- [TASK ITEM]
What lines in this listing contain the string "mathit"? Report each one by copying it.

>>>

(* vector fields, as maps C^3 -> C^3 (components along d/dx, d/dy, d/dz) *)
Definition Vx (a b c d e : C) (p : pt) : pt :=
  let '(x, y, z) := p in
  ((0:C), 2 * z + e * x * y - c, - (2 * y + e * x * z - b)).
Definition Vy (a b c d e : C) (p : pt) : pt :=
  let '(x, y, z) := p in
  (- (2 * z + e * x * y - c), (0:C), 2 * x + e * y * z - a).
Definition Vz (a b c d e : C) (p : pt) : pt :=
  let '(x, y, z) := p in
  (2 * y + e * x * z - b, - (2 * x + e * y * z - a), (0:C)).

Definition ptadd (p q : pt) : pt :=
  let '(x, y, z) := p in let '(x', y', z') := q in (x + x', y + y', z + z').
Definition ptscale (s : C) (p : pt) : pt :=
  let '(x, y, z) := p in (s * x, s * y, s * z).

(* V is tangent to M: at every p in M, the derivative of F along V(p)
   vanishes, i.e. d/ds F(p + s V(p)) at s = 0 is 0 (dF_p(V(p)) = 0). *)
Definition tangent_to_M (a b c d e : C) (V : pt -> pt) : Prop :=
  forall p : pt, onM a b c d e p ->
    is_derive (fun s : C => Fcubic a b c d e (ptadd p (ptscale s (V p)))) (0:C) (0:C).

Definition entire_integral_curve (V : pt -> pt) (g : C -> pt) : Prop :=
  forall t : C,
    is_derive (fun s => fst (fst (g s))) t (fst (fst (V (g t)))) /\
    is_derive (fun s => snd (fst (g s))) t (snd (fst (V (g t)))) /\
    is_derive (fun s => snd (g s)) t (snd (V (g t))).

Definition complete_on_M (a b c d e : C) (V : pt -> pt) : Prop :=
  forall p : pt, onM a b c d e p ->
    exists g : C -> pt, g (0:C) = p /\ entire_integral_curve V g /\
      (forall t : C, onM a b c d e (g t)).
(* Let $1\le k<n$, let $C$ be an $n\times n$ pairwise comparison matrix whose upper-left $k\times k$ submatrix $C_k$ is consistent (equivalently $\mathit{CI}(C_k)=0$ when $k\ge2$). Then the matrix $A_k=I_k-\frac{1}{n-1}(C_k-I_k)$ is invertible, so the arithmetic HRE system $A_k w=b$ with $b_i=\frac{1}{n-1}\sum_{j=k+1}^n c_{ij}w(a_j)$ ($i=1,\dots,k$) has a unique solution for any positive reference weights $w(a_{k+1}),\dots,w(a_n)$.
   Context: A pairwise comparison matrix is a square matrix with positive entries, $c_{ii}=1$ and $c_{ij}=1/c_{ji}$. It is consistent if $c_{ij}c_{jl}=c_{il}$ for all indices $i,j,l$. For a $k\times k$ pairwise comparison matrix $M$ ($k\ge 2$), $\mathit{CI}(M)=\frac{\rho(M)-k}{k-1}$ with $\rho$ the spectral radius. *)

From HB Require Import structures.
From mathcomp Require Import all_boot all_order all_algebra.
Set Implicit Arguments. Unset Strict Implicit. Unset Printing Implicit Defensive.
Import Order.TTheory GRing.Theory Num.Theory.
Local Open Scope ring_scope.

Definition pcm (R : realFieldType) (n : nat) (C : 'M[R]_n) : Prop :=
  [/\ (forall i j, 0 < C i j), (forall i, C i i = 1) & (forall i j, C i j = (C j i)^-1)].

Definition consistent (R : realFieldType) (n : nat) (C : 'M[R]_n) : Prop :=
  forall i j l, C i j * C j l = C i l.

Definition HRE_A (R : realFieldType) (k m : nat) (C : 'M[R]_(k + m)) : 'M[R]_k :=
  1%:M - ((k + m).-1%:R)^-1 *: (ulsubmx C - 1%:M).

(* b_i = 1/(n-1) * sum_{j=k+1}^n c_ij w(a_j); reference weights indexed by 'I_m. *)
Definition HRE_b (R : realFieldType) (k m : nat) (C : 'M[R]_(k + m))
    (wref : 'I_m -> R) : 'cV[R]_k :=
  \col_(i < k) (((k + m).-1%:R)^-1 * \sum_(j < m) C (lshift m i) (rshift k j) * wref j).

From HB Require Import structures.
From mathcomp Require Import all_boot all_order all_algebra.
From mathcomp Require Import ring.
Import Order.TTheory GRing.Theory Num.Theory.
Local Open Scope ring_scope.

(* A consistent matrix D of size k satisfies D^2 = k D, so A_k = (1 + c) I - c D
   (with c = 1/(n-1)) lies in the two-dimensional algebra spanned by I and D,
   where its inverse can be written down as a combination of I and D. *)

Lemma consistent_mulmx_self {R : realFieldType} {n : nat} {D : 'M[R]_n} :
  consistent D -> D *m D = n%:R *: D.
Proof.
move=> hD; apply/matrixP => i j; rewrite !mxE.
under eq_bigr => l _ do rewrite hD.
by rewrite sumr_const card_ord mulr_natl.
Qed.

Lemma mulmx_scalar_sub_scale_inv {R : fieldType} {n : nat} {D : 'M[R]_n}
    {s a c : R} :
  D *m D = s *: D -> a != 0 -> a - c * s != 0 ->
  (a%:M - c *: D) *m (a^-1%:M + (c / (a * (a - c * s))) *: D) = 1%:M.
Proof.
move=> hD2 ha hacs.
rewrite mulmxDr !mulmxBl mul_scalar_mx mul_mx_scalar mul_scalar_mx.
rewrite -scalemxAr -scalemxAl hD2 !scalerA scale_scalar_mx divff //.
rewrite -scalerBl -addrA -scaleNr -scalerDl.
rewrite [X in X *: D](_ : _ = 0) ?scale0r ?addr0 //.
by field; apply/andP.
Qed.

Lemma scalar_sub_scale_unitmx {R : fieldType} {n : nat} {D : 'M[R]_n}
    {s a c : R} :
  D *m D = s *: D -> a != 0 -> a - c * s != 0 -> a%:M - c *: D \in unitmx.
Proof.
by move=> hD2 ha hacs; case: (mulmx1_unit (mulmx_scalar_sub_scale_inv hD2 ha hacs)).
Qed.

Lemma HRE_AE (R : realFieldType) (k m : nat) (C : 'M[R]_(k + m)) :
  HRE_A C = (1 + ((k + m).-1%:R)^-1)%:M - ((k + m).-1%:R)^-1 *: ulsubmx C.
Proof.
apply/matrixP => i j; rewrite !mxE.
by case: (i == j); rewrite /= ?mulr1n ?mulr0n; ring.
Qed.

Lemma unitmx_solve_unique (R : comUnitRingType) (n : nat) (A : 'M[R]_n)
    (b : 'cV[R]_n) :
  A \in unitmx -> exists! x : 'cV[R]_n, A *m x = b.
Proof.
move=> hA; exists (invmx A *m b); split; first by rewrite mulKVmx.
by move=> x <-; rewrite mulKmx.
Qed.

Theorem mainTheorem2 (R : realFieldType) (k m : nat) (C : 'M[R]_(k + m)) :
  (0 < k)%N -> (0 < m)%N ->
  pcm C -> consistent (ulsubmx C) ->
  HRE_A C \in unitmx /\
  (forall wref : 'I_m -> R, (forall j, 0 < wref j) ->
     exists! w : 'cV[R]_k, HRE_A C *m w = HRE_b C wref).
Proof.
move=> hk hm _ hcons.
set N : R := (k + m).-1%:R.
have hN1 : N + 1 = k%:R + m%:R by rewrite /N -natrD natr1 prednK // addn_gt0 hk.
have hNpos : 0 < N.
  by rewrite /N ltr0n -subn1 subn_gt0 -(prednK hk) -(prednK hm) addSn addnS.
have hmpos : 0 < (m%:R : R) by rewrite ltr0n.
have hU : HRE_A C \in unitmx.
  rewrite HRE_AE; apply: (scalar_sub_scale_unitmx (consistent_mulmx_self hcons)).
    by rewrite -/N lt0r_neq0 // addr_gt0 // invr_gt0.
  rewrite -/N (_ : _ - _ = m%:R / N); first by rewrite mulf_neq0 ?invr_eq0 ?lt0r_neq0.
  have -> : (k%:R : R) = N + 1 - m%:R by rewrite hN1; ring.
  by field; rewrite lt0r_neq0.
by split=> // wref _; apply: unitmx_solve_unique.
Qed.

<<<

- [RESULT]
(* Let $1\le k<n$, let $C$ be an $n\times n$ pairwise comparison matrix whose upper-left $k\times k$ submatrix $C_k$ is consistent (equivalently $\mathit{CI}(C_k)=0$ when $k\ge2$). Then the matrix $A_k=I_k-\frac{1}{n-1}(C_k-I_k)$ is invertible, so the arithmetic HRE system $A_k w=b$ with $b_i=\frac{1}{n-1}\sum_{j=k+1}^n c_{ij}w(a_j)$ ($i=1,\dots,k$) has a unique solution for any positive reference weights $w(a_{k+1}),\dots,w(a_n)$.
   Context: A pairwise comparison matrix is a square matrix with positive entries, $c_{ii}=1$ and $c_{ij}=1/c_{ji}$. It is consistent if $c_{ij}c_{jl}=c_{il}$ for all indices $i,j,l$. For a $k\times k$ pairwise comparison matrix $M$ ($k\ge 2$), $\mathit{CI}(M)=\frac{\rho(M)-k}{k-1}$ with $\rho$ the spectral radius. *)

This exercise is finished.